Lemma exists_clause_sub k (r : DM k) (P : pred ('I_k * bool)) :
  [exists d in sval r, [forall l in d, P l]] = ([set l | P l] \in sval r).
Proof.
rewrite -(@upclosed_exists_le _ (@subset_rel k) _ _ (fun c => subxx c) (valP r)).
apply: eq_existsb => d; congr (_ && _); rewrite /subset_rel.
apply/forallP/subsetP => [H l | H l]; first by rewrite inE; apply: (implyP (H l)).
by apply/implyP => /H; rewrite inE.
Qed.

Lemma keval_subst k m (g : hom k m) r w : keval (substDM g r) w = keval r (face_map g w).
Proof.
rewrite /keval /substDM /= !inE !exists_clause_sub.
have -> : [set l | clause_of w \in sval (litDM g l)] = clause_of (face_map g w).
  by apply/setP => l; rewrite inE -keval_true keval_lit lit_eval_true.
have -> // :
    [set l | nonfalse_clause w \in sval (litDM g l)] = nonfalse_clause (face_map g w).
by apply/setP => l; rewrite inE -keval_nonfalse keval_lit lit_eval_nonfalse.
Qed.

Lemma face_map_comp k' k m (g : hom k m) (h : hom k' k) w :
  face_map (compC g h) w = face_map g (face_map h w).
Proof. by apply/ffunP => j; rewrite !ffunE keval_subst. Qed.

Lemma in_restrF k m (g : hom k m) phi w :
  (w \in sval (restrF g phi)) = (face_map g w \in sval phi).
Proof.
rewrite inE -(upclosed_exists_le _ (@leface_refl m) (valP phi)).
apply: eq_existsb => c; congr (_ && _); apply: eq_forallb => j.
case: (c j) => // b; rewrite inE -keval_true keval_lit.
by case: b; rewrite /lit_eval /=; case: (face_map g w j) => [[]|].
Qed.

Lemma subst_var k m (h : hom k m) j : substDM h (varDM j) = h j.
Proof. by apply: val_inj; apply/setP => c; rewrite inE exists_clause_sub !inE. Qed.

Definition weaken m : hom m.+1 m := [ffun j => varDM (lift ord_max j)].

Definition pairC k m (g : hom k m) (r : DM k) : hom k m.+1 :=
  [ffun j => if unlift ord_max j is Some j' then g j' else r].

Lemma weaken_pairC k m (g : hom k m) r : compC (weaken m) (pairC g r) = g.
Proof. by apply/ffunP => j; rewrite !ffunE subst_var ffunE liftK. Qed.

Lemma pairC_var k m (g : hom k m) r : substDM (pairC g r) (varDM ord_max) = r.
Proof. by rewrite subst_var ffunE unlift_none. Qed.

▶ Work instructions: Go through the listing above and write out exactly the lines starting with the one holding "apply: eq_existsb => d;" and running through the one holding "have -> : [set", ends included, and no others.

▶ Finished exercise:
apply: eq_existsb => d; congr (_ && _); rewrite /subset_rel.
apply/forallP/subsetP => [H l | H l]; first by rewrite inE; apply: (implyP (H l)).
by apply/implyP => /H; rewrite inE.
Qed.

Lemma keval_subst k m (g : hom k m) r w : keval (substDM g r) w = keval r (face_map g w).
Proof.
rewrite /keval /substDM /= !inE !exists_clause_sub.
have -> : [set l | clause_of w \in sval (litDM g l)] = clause_of (face_map g w).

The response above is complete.